Work item. Return every line of the entries that includes the word "stands".

Data.

┏━━

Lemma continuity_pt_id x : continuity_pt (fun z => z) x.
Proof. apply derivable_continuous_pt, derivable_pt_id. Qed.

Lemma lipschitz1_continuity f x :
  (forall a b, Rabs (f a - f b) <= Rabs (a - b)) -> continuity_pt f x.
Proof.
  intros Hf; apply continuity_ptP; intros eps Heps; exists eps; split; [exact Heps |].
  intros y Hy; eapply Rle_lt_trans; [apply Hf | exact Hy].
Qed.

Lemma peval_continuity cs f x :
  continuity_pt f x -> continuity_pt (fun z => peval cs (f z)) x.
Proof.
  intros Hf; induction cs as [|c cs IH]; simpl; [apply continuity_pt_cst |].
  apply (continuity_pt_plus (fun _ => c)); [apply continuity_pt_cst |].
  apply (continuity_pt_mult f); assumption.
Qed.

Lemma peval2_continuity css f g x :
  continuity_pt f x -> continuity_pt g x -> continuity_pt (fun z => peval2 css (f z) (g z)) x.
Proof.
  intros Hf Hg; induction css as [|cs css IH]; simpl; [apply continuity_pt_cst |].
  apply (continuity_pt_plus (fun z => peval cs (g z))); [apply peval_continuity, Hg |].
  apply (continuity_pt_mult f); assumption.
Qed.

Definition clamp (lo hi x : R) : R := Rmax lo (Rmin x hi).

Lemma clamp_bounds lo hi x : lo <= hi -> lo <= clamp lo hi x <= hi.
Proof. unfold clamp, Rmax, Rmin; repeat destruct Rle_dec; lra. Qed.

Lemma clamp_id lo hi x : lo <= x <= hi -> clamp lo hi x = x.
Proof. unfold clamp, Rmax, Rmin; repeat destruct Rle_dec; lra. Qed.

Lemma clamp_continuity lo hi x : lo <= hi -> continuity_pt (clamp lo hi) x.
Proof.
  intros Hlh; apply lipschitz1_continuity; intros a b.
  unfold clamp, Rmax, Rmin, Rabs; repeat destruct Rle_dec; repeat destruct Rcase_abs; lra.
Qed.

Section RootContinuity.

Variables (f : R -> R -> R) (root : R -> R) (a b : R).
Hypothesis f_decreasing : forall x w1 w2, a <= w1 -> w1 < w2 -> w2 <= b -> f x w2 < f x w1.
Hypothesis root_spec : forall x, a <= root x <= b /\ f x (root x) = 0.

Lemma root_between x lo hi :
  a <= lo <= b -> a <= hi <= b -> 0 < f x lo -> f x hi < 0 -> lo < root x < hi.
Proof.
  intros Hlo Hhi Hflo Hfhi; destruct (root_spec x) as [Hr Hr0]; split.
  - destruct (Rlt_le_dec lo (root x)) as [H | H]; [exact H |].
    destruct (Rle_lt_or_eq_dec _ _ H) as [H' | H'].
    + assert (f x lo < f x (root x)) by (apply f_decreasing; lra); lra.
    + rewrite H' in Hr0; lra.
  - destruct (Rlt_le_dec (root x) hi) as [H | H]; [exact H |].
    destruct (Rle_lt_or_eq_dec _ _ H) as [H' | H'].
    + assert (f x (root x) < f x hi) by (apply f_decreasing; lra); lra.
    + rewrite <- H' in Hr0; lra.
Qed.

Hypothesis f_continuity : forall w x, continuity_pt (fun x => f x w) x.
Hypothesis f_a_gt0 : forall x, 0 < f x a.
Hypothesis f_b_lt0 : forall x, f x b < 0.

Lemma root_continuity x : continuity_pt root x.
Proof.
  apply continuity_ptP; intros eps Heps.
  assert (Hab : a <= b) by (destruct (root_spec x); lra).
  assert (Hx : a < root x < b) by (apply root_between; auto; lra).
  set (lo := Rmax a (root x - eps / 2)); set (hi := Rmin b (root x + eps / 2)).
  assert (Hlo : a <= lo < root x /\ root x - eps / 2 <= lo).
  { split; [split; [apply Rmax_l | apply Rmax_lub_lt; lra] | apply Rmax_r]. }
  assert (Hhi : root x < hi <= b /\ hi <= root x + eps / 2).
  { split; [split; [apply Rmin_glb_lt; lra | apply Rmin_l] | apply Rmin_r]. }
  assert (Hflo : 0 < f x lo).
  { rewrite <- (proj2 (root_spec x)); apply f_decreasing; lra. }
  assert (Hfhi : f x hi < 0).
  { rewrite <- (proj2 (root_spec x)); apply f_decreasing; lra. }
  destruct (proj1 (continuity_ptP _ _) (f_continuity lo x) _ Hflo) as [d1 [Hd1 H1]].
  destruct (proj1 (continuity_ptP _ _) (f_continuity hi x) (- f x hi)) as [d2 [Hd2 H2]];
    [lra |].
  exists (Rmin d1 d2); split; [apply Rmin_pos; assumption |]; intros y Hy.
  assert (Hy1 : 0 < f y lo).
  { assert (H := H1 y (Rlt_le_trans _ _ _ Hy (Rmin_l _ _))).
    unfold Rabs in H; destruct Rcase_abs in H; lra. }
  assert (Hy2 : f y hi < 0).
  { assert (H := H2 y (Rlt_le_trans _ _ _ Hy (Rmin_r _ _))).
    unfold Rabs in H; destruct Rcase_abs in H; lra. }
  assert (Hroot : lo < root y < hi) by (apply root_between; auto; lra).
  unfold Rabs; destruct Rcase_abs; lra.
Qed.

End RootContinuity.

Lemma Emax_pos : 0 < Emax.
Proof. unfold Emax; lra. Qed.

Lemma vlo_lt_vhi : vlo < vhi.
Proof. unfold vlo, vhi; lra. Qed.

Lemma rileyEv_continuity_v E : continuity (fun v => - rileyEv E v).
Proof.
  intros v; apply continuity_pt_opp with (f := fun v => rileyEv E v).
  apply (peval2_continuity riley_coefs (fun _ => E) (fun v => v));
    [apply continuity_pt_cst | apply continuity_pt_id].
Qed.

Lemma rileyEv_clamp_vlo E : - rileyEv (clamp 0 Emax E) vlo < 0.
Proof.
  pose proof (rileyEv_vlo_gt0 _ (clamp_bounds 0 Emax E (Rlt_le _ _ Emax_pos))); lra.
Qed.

┗━━
┏━━

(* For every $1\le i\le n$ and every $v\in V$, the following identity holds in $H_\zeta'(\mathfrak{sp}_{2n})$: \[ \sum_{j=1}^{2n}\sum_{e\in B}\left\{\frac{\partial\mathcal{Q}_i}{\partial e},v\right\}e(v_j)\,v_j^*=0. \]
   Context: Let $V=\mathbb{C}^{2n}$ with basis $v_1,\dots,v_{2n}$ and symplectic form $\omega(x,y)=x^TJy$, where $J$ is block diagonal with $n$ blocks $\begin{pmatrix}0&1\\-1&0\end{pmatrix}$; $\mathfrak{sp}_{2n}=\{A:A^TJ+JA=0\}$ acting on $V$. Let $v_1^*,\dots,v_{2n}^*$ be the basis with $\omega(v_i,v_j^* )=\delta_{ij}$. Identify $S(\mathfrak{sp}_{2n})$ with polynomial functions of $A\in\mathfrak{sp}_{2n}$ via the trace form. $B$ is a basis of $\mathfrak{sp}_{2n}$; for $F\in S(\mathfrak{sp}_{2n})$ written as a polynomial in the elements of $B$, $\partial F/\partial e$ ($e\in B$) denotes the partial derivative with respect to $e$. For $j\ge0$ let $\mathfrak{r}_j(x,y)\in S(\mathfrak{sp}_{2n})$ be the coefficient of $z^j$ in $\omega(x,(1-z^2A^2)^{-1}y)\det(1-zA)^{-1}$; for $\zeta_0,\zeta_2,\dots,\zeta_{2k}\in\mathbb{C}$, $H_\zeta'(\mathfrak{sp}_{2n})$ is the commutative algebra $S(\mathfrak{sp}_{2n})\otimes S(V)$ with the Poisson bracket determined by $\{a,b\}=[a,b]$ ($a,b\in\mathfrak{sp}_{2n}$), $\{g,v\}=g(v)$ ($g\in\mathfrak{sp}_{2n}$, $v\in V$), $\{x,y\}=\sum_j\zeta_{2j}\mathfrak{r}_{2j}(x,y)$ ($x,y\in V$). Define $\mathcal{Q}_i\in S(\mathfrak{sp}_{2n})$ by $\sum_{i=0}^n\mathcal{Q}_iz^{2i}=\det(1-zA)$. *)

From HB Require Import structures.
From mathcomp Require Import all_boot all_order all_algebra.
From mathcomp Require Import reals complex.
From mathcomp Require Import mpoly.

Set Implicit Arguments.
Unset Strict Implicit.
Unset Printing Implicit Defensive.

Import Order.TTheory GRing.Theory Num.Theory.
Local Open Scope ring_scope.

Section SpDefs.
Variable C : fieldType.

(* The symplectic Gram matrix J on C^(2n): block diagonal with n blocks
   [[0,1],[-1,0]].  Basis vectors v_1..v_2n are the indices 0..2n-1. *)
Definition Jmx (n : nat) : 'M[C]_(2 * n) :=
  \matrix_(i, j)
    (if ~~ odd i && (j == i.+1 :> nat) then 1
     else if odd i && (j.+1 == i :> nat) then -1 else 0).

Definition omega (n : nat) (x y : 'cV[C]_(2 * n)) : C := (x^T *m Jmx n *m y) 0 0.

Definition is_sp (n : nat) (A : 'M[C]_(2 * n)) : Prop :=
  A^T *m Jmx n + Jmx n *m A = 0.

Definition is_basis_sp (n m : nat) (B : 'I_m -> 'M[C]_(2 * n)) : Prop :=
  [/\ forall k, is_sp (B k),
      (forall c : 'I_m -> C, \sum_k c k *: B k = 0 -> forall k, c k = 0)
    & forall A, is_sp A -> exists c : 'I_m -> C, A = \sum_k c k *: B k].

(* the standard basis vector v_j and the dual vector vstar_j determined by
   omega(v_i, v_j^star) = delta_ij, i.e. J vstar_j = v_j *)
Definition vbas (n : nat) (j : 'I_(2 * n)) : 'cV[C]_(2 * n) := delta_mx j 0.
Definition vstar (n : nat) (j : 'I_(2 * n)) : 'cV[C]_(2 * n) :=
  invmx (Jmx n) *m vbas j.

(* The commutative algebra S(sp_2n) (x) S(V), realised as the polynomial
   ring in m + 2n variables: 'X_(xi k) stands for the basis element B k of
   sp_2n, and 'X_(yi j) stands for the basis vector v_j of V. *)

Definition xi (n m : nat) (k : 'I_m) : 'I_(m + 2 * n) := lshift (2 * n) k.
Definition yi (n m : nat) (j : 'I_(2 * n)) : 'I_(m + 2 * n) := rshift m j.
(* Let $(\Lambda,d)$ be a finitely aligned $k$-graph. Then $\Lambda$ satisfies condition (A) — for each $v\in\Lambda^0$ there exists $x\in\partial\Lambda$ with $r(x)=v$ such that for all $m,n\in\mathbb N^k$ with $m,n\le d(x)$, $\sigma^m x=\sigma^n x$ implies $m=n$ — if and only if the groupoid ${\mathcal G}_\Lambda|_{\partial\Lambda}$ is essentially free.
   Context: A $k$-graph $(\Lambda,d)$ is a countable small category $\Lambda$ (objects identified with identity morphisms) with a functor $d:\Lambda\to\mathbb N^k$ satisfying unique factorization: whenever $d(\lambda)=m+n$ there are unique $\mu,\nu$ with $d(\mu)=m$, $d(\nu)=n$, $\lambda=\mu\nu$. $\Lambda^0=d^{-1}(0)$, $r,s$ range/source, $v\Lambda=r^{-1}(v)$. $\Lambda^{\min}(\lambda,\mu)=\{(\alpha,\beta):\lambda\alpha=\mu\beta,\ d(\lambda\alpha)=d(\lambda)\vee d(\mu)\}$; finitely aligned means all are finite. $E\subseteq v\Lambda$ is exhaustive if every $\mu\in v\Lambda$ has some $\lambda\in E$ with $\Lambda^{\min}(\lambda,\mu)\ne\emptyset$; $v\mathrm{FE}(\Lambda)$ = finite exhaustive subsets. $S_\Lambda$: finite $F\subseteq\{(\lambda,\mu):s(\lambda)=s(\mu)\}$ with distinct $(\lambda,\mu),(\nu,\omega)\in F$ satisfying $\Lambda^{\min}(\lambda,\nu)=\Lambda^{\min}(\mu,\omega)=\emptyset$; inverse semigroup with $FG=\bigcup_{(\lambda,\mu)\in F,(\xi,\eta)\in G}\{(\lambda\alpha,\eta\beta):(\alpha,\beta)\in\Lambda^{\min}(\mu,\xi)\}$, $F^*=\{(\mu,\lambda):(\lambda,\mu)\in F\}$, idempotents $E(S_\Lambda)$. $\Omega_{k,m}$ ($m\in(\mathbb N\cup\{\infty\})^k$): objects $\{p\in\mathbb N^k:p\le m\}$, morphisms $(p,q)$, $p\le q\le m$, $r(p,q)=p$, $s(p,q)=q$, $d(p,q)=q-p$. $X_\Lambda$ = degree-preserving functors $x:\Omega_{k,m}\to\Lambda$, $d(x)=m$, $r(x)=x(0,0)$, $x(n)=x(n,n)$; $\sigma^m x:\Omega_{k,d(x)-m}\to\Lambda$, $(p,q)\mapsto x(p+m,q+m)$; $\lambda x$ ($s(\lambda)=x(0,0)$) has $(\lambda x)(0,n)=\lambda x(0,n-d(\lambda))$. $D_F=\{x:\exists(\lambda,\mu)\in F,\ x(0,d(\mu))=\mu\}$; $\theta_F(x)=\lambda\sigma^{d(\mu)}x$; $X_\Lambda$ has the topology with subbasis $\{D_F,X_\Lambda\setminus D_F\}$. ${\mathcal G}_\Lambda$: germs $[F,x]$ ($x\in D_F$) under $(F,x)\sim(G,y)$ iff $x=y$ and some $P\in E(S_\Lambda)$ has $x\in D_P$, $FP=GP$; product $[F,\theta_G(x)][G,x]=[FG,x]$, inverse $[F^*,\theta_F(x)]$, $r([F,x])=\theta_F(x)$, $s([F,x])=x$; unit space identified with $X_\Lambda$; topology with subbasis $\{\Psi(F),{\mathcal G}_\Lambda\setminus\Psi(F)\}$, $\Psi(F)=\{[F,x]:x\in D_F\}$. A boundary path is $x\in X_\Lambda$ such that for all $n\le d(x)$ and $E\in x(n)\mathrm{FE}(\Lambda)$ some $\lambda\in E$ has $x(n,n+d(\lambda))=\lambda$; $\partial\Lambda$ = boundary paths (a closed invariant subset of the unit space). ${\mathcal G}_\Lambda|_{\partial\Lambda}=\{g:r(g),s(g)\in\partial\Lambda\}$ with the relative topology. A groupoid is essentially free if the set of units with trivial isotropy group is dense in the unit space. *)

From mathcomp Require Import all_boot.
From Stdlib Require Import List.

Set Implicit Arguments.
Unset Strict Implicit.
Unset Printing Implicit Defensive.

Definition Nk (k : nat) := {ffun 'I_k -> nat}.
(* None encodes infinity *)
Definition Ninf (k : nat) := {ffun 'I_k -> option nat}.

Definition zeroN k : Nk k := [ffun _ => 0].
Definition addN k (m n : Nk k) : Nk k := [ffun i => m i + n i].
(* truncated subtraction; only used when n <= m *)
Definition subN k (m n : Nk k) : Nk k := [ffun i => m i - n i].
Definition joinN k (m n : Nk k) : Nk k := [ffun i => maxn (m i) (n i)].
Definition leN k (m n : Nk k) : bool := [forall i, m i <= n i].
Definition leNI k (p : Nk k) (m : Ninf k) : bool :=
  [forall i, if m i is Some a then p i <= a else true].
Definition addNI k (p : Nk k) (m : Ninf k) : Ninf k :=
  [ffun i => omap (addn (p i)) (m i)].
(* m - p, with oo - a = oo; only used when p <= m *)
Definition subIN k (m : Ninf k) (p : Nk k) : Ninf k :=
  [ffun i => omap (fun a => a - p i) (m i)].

┗━━
┏━━

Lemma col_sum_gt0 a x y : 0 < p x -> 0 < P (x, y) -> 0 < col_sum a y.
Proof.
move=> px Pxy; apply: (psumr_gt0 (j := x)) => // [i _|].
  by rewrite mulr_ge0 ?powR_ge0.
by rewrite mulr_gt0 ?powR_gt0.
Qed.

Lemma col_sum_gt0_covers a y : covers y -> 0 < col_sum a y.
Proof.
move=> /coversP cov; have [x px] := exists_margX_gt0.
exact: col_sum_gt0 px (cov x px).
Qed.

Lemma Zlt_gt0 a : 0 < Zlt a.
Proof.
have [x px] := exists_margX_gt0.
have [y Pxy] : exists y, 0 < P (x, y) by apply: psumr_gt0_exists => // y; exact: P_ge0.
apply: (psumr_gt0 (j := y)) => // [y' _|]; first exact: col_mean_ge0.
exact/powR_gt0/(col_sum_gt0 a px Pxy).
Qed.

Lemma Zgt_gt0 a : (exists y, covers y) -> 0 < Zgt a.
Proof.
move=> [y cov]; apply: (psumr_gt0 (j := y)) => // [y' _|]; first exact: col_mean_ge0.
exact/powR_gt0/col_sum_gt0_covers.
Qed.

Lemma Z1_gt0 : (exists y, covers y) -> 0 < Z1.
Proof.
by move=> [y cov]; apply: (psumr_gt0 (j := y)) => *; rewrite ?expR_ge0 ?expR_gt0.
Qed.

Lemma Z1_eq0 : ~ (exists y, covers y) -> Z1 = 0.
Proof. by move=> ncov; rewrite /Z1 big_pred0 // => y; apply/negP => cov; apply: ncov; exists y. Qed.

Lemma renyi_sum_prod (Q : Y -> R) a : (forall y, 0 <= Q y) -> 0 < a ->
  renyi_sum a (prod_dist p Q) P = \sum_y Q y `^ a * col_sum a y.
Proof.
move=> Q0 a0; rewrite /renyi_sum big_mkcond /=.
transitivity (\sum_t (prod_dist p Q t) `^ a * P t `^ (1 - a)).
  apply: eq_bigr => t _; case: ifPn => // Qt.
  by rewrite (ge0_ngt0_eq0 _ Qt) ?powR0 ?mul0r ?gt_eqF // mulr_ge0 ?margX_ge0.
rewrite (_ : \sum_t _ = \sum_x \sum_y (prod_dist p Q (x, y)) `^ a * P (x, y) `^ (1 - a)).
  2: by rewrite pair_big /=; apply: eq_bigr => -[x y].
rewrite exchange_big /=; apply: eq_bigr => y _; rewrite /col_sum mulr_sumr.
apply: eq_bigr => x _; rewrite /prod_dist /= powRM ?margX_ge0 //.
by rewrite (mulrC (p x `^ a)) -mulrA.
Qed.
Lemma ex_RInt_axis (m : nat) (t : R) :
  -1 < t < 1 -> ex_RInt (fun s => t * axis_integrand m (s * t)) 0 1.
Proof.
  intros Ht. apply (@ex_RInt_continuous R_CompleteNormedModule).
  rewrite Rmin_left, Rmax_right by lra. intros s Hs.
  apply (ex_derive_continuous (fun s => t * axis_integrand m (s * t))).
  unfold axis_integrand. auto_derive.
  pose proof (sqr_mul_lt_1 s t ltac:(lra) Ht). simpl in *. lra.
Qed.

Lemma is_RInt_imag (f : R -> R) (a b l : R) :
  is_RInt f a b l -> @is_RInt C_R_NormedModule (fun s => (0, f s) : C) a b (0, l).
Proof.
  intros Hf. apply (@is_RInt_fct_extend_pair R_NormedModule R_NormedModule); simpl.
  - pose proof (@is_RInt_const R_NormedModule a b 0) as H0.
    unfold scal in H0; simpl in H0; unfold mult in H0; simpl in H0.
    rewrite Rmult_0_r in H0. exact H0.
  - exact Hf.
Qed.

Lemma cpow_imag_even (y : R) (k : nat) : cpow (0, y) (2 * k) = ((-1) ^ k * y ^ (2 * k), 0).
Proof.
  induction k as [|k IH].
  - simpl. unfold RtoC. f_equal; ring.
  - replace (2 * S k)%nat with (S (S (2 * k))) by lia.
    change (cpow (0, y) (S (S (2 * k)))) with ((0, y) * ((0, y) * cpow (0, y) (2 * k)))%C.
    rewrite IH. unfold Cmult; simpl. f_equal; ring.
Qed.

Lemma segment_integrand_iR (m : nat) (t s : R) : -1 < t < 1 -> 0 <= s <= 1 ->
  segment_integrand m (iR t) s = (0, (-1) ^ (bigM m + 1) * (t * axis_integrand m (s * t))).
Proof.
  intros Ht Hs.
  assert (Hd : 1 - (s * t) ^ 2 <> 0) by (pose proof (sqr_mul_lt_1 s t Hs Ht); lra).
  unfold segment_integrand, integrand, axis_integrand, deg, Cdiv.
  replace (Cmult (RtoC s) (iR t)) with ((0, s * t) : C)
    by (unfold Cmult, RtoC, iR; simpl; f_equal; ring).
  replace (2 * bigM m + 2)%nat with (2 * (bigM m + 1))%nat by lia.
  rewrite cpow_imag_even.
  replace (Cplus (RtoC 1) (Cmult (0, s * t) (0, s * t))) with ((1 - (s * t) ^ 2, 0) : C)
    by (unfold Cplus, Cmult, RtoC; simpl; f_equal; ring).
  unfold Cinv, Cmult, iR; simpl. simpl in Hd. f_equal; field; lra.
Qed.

┗━━

Result.
   ring in m + 2n variables: 'X_(xi k) stands for the basis element B k of
   sp_2n, and 'X_(yi j) stands for the basis vector v_j of V. *)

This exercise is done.